Carl Merryweather (Michael Selle) was seven years old when he saw the “skyman” in Barstow, a small town in California. The event changed him. He’s spent years obsessively collecting UFO magazines, as well as first-person accounts of other contactees. It made him the neighborhood “character.” Skyman takes place 33 years after the visitation, he is living with his sister, Gina (Nicolette Sweeney), and waiting on a promise the alien made to return on his 40th birthday.
The film was shot in Barstow, where there have been multiple real life reports of UFO sightings. Merryweather also takes the crew to a real UFO festival in McMinnville, Oregon, where the character is met with amused scorn by amateur enthusiasts armed with cellphone cameras.
The soundtrack for Skyman was written by Billy Corgan and Don Miggs. The Smashing Pumpkins frontman is a household name, and occasional appliance. Miggs is a studio veteran. He’s written with Creedence Clearwater Revival’s John Fogerty, and worked with such diverse artists as Boyz II Men, Paul Anka, Tyga, and the Plain White T’s. Miggs spoke with Den of Geek about the film, the universal language of music, and the OZ Paradigm.

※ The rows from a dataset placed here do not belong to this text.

Lemma grid_mean_trig_int f : is_int f -> f <> 0 -> Rabs f < INR L ->
  grid_mean L (fun t => sin (f * t)) = 0 /\ grid_mean L (fun t => cos (f * t)) = 0.
Proof.
  intros [z ->] Hz Hlt.
  assert (Hm : INR (Z.abs_nat z) = Rabs (IZR z))
    by (rewrite INR_IZR_INZ, Nat2Z.inj_abs_nat, <- abs_IZR; reflexivity).
  assert (Hpos : (0 < Z.abs_nat z < L)%nat).
  { split; apply INR_lt; rewrite Hm; simpl; [apply Rabs_pos_lt|]; assumption. }
  destruct (sum_roots_of_unity _ Hpos) as [Hc Hs].
  unfold grid_mean. rewrite Hm in Hc, Hs.
  unfold Rabs in Hc, Hs; destruct Rcase_abs.
  - rewrite (sum_eq _ (fun j => sin (- IZR z * (2 * PI * INR j / INR L)) * -1))
      by (intros; rewrite Ropp_mult_distr_l_reverse, sin_neg; ring).
    rewrite (sum_eq (fun j => cos (IZR z * (2 * PI * INR j / INR L)))
                    (fun j => cos (- IZR z * (2 * PI * INR j / INR L))))
      by (intros; rewrite Ropp_mult_distr_l_reverse, cos_neg; reflexivity).
    rewrite <- scal_sum, Hs, Hc. unfold Rdiv. split; ring.
  - rewrite Hs, Hc. unfold Rdiv. split; ring.
Qed.
End GridMean.

Section RieszProduct.
Variables (n : nat -> nat) (ar ai : nat -> R) (kk : nat -> nat) (L : nat).
Hypothesis L_pos : (1 <= L)%nat.

Definition freq i := INR (n (kk i)).
Definition alpha i := ar (n (kk i)) / cmod (ar (n (kk i))) (ai (n (kk i))).
Definition beta i := - ai (n (kk i)) / cmod (ar (n (kk i))) (ai (n (kk i))).
(* With a_(n_(kk i)) = |a| e^(i phi), the factor is 1 + cos (freq i th + phi)
   (and 1 when a = 0, as x / 0 = 0). *)
Definition riesz_factor i th := 1 + alpha i * cos (freq i * th) + beta i * sin (freq i * th).
Fixpoint riesz_prod t th := match t with O => 1 | S t' => riesz_prod t' th * riesz_factor t' th end.
Fixpoint freq_sum t := match t with O => 0 | S t' => freq_sum t' + freq t' end.
Definition riesz_cos t f := grid_mean L (fun th => cos (f * th) * riesz_prod t th).
Definition riesz_sin t f := grid_mean L (fun th => sin (f * th) * riesz_prod t th).

Lemma freq_nonneg i : 0 <= freq i.
Proof. apply pos_INR. Qed.

Lemma riesz_prod_nonneg t th : 0 <= riesz_prod t th.
Proof.
  induction t; simpl; [lra|]. apply Rmult_le_pos; auto.
  pose proof (cmod_normalized (ar (n (kk t))) (ai (n (kk t)))) as Hab.
  pose proof (Cauchy_Schwarz_R2 (- alpha t) (- beta t) (cos (freq t * th)) (sin (freq t * th)))
    as Hcs.
  assert (Hpyth : cos (freq t * th) ^ 2 + sin (freq t * th) ^ 2 = 1)
    by (pose proof (sin2_cos2 (freq t * th)); unfold Rsqr in *; lra).
  rewrite Hpyth, sqrt_1 in Hcs.
  unfold riesz_factor, alpha, beta in *. nra.
Qed.

Lemma grid_mean5 F1 F2 F3 F4 F5 c2 c3 c4 c5 :
  grid_mean L (fun t => F1 t + c2 * F2 t + c3 * F3 t + c4 * F4 t + c5 * F5 t) =
  grid_mean L F1 + c2 * grid_mean L F2 + c3 * grid_mean L F3
  + c4 * grid_mean L F4 + c5 * grid_mean L F5.
Proof.
  rewrite (grid_mean_plus L (fun t => F1 t + c2 * F2 t + c3 * F3 t + c4 * F4 t)
                           (fun t => c5 * F5 t)).
  rewrite (grid_mean_plus L (fun t => F1 t + c2 * F2 t + c3 * F3 t) (fun t => c4 * F4 t)).
  rewrite (grid_mean_plus L (fun t => F1 t + c2 * F2 t) (fun t => c3 * F3 t)).
  rewrite (grid_mean_plus L F1 (fun t => c2 * F2 t)).
  rewrite !grid_mean_scal. reflexivity.
Qed.

Lemma riesz_cos_S t f : riesz_cos (S t) f =
  riesz_cos t f + alpha t / 2 * riesz_cos t (f - freq t) + alpha t / 2 * riesz_cos t (f + freq t)
  + beta t / 2 * riesz_sin t (f + freq t) + (- (beta t / 2)) * riesz_sin t (f - freq t).
Proof.
  unfold riesz_cos, riesz_sin. rewrite <- grid_mean5. apply grid_mean_ext. intro th.
  simpl riesz_prod. unfold riesz_factor.
  rewrite !Rmult_minus_distr_r, !Rmult_plus_distr_r, cos_minus, cos_plus, sin_plus, sin_minus.
  field.
Qed.

Lemma riesz_sin_S t f : riesz_sin (S t) f =
  riesz_sin t f + alpha t / 2 * riesz_sin t (f + freq t) + alpha t / 2 * riesz_sin t (f - freq t)
  + beta t / 2 * riesz_cos t (f - freq t) + (- (beta t / 2)) * riesz_cos t (f + freq t).
Proof.
  unfold riesz_cos, riesz_sin. rewrite <- grid_mean5. apply grid_mean_ext. intro th.
  simpl riesz_prod. unfold riesz_factor.
  rewrite !Rmult_minus_distr_r, !Rmult_plus_distr_r, cos_minus, cos_plus, sin_plus, sin_minus.
  field.
Qed.

(* The spectrum of riesz_prod t lies in [- freq_sum t, freq_sum t]; the grid of L
   points does not alias frequencies of modulus below L. *)
Lemma riesz_coef_vanish t : forall f, is_int f ->
  freq_sum t < Rabs f -> Rabs f + freq_sum t < INR L -> riesz_cos t f = 0 /\ riesz_sin t f = 0.
Proof.
  induction t; intros f Hf H1 H2.
  - simpl freq_sum in *. unfold riesz_cos, riesz_sin. simpl riesz_prod.
    rewrite (grid_mean_ext L (fun th => sin (f * th) * 1) (fun th => sin (f * th))) by (intro; ring).
    rewrite (grid_mean_ext L (fun th => cos (f * th) * 1) (fun th => cos (f * th))) by (intro; ring).
    destruct (grid_mean_trig_int L L_pos f Hf) as [B1 B2];
      [intros ->; rewrite Rabs_R0 in H1; lra | lra |].
    rewrite B1, B2. split; reflexivity.
  - simpl freq_sum in *. pose proof (freq_nonneg t) as HN.
    assert (Hint : is_int (freq t)) by apply is_int_INR.
    assert (A1 : Rabs f - freq t <= Rabs (f + freq t) <= Rabs f + freq t)
      by (unfold Rabs; repeat destruct Rcase_abs; lra).
    assert (A2 : Rabs f - freq t <= Rabs (f - freq t) <= Rabs f + freq t)
      by (unfold Rabs; repeat destruct Rcase_abs; lra).
    destruct (IHt f Hf ltac:(lra) ltac:(lra)) as [E1 E2].
    destruct (IHt (f - freq t) ltac:(apply is_int_minus; auto) ltac:(lra) ltac:(lra)) as [E3 E4].
    destruct (IHt (f + freq t) ltac:(apply is_int_plus; auto) ltac:(lra) ltac:(lra)) as [E5 E6].
    rewrite riesz_cos_S, riesz_sin_S, E1, E2, E3, E4, E5, E6. split; ring.
Qed.

Lemma riesz_cos_0 t :
  (forall i, (i < t)%nat -> freq_sum i < freq i /\ freq i + freq_sum i < INR L) ->
  riesz_cos t 0 = 1.
Proof.
  induction t; intro H.
  - unfold riesz_cos. simpl riesz_prod.
    rewrite (grid_mean_ext L _ (fun _ => 1)) by (intro; rewrite Rmult_0_l, cos_0; ring).
    apply grid_mean_const; auto.
  - destruct (H t (Nat.lt_succ_diag_r t)) as [H1 H2]. pose proof (freq_nonneg t).
    assert (Hint : is_int (freq t)) by apply is_int_INR.
    rewrite riesz_cos_S, IHt by (intros; apply H; lia).
    rewrite Rminus_0_l, Rplus_0_l.
    destruct (riesz_coef_vanish t (- freq t) ltac:(apply is_int_opp; auto)
      ltac:(rewrite Rabs_Ropp, Rabs_right; lra)
      ltac:(rewrite Rabs_Ropp, Rabs_right; lra)) as [E1 E2].
    destruct (riesz_coef_vanish t (freq t) Hint
      ltac:(rewrite Rabs_right; lra) ltac:(rewrite Rabs_right; lra)) as [E3 E4].
    rewrite E1, E2, E3, E4. ring.
Qed.

Definition riesz_pairing t k :=
  ar (n k) * riesz_cos t (INR (n k)) - ai (n k) * riesz_sin t (INR (n k)).

Section Pairing.
Variables (K tmax : nat).
Hypothesis freq_lacunary :
  forall i, (i <= tmax)%nat -> freq_sum i < freq i /\ 2 * freq i + freq_sum i < INR L.
Hypothesis freq_separated : forall i k, k <> kk i -> freq_sum i < Rabs (INR (n k) - freq i).
Hypothesis kk_le : forall i, (i < tmax)%nat -> (kk i <= K)%nat.
Hypothesis spectrum_lt_L :
  forall k i, (k <= K)%nat -> (i < tmax)%nat -> INR (n k) + freq i + freq_sum i < INR L.
Hypothesis n_pos_lt_L : forall k, (k <= K)%nat -> 0 < INR (n k) < INR L.

Lemma riesz_pairing_0 k : (k <= K)%nat -> riesz_pairing 0 k = 0.
Proof.
  intro Hk. destruct (n_pos_lt_L k Hk).
  unfold riesz_pairing, riesz_cos, riesz_sin. simpl riesz_prod.
  rewrite (grid_mean_ext L (fun th => sin (INR (n k) * th) * 1) (fun th => sin (INR (n k) * th)))
    by (intro; ring).
  rewrite (grid_mean_ext L (fun th => cos (INR (n k) * th) * 1) (fun th => cos (INR (n k) * th)))
    by (intro; ring).
  destruct (grid_mean_trig_int L L_pos (INR (n k)) (is_int_INR _)) as [B1 B2];
    [lra | rewrite Rabs_right; lra |].
  rewrite B1, B2. ring.
Qed.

DEN OF GEEK: Were you drawn to Skyman because of the subject matter?
DON MIGGS: You know, first and foremost, [I was] told I could do a film with the guy who wrote Blair Witch. Now I’m already interested, right? So you’ve already got me right there. Then a really strange chain of events happened when Dan Myrick approached me to do it. I had just had a crazy incident happen at my L.A. house that involves sort of like the supernatural. Right now, I can’t even believe I just said that because I’m going to tell the story. The person who built our home was Mickey Rooney, who was famous in the ’40s, but ’50s and ’60s, for sure. He was a child star and a long time he was with Judy Garland from The Wizard of Oz.
We bought that house. In between us, there was another artist, Rick James, from, “She’s a very kinky girl.” It’s the house that Rick did all that crazy stuff. He’d been arrested at one point because he and his girlfriend locked another girlfriend in a room and tortured her. They were doing things like meth or heroin or something. He was sort of crazy. We bought this house and maybe it was haunted. I don’t know. But when Dan called me about doing the movie, we had just had an incident where a book was off of a bookshelf that couldn’t have fallen where it fell. Someone would’ve had to take it down.
I walked by for a few days. Finally I said to my wife, “Is it down here for a reason.” She’s like, “I was going to ask you the same question.” I pick up the book, this is before I knew about Judy Garland, and it’s The Wizard of Oz. I’m like, “That’s kind of weird.” Someone told me the book was on the ground because Mickey Rooney was with Judy Garland in this house. This is where they stayed.” I’m like, “Wow,” and so I flipped through. I’m looking through Google and I go into a deep search and I see this photo of them in our house where the piano is and it kind of freaks me out.
So as that’s happening, I’m telling this to my friend and my friend says, “I didn’t want to tell you this. I was in the movie room and I heard clinking of glasses in the kitchen. Then they put them down on the counter, and I was like, “Hello? Hello? Hello?” and nobody was there. Then his girlfriend was in the kitchen and turned and looked to the right, and said, “What do you want?” Because she thought that my friend was standing there. The friend, by the way, is the third writer that wrote the music on this, Greg Hanson. Greg wasn’t there, he was in my studio.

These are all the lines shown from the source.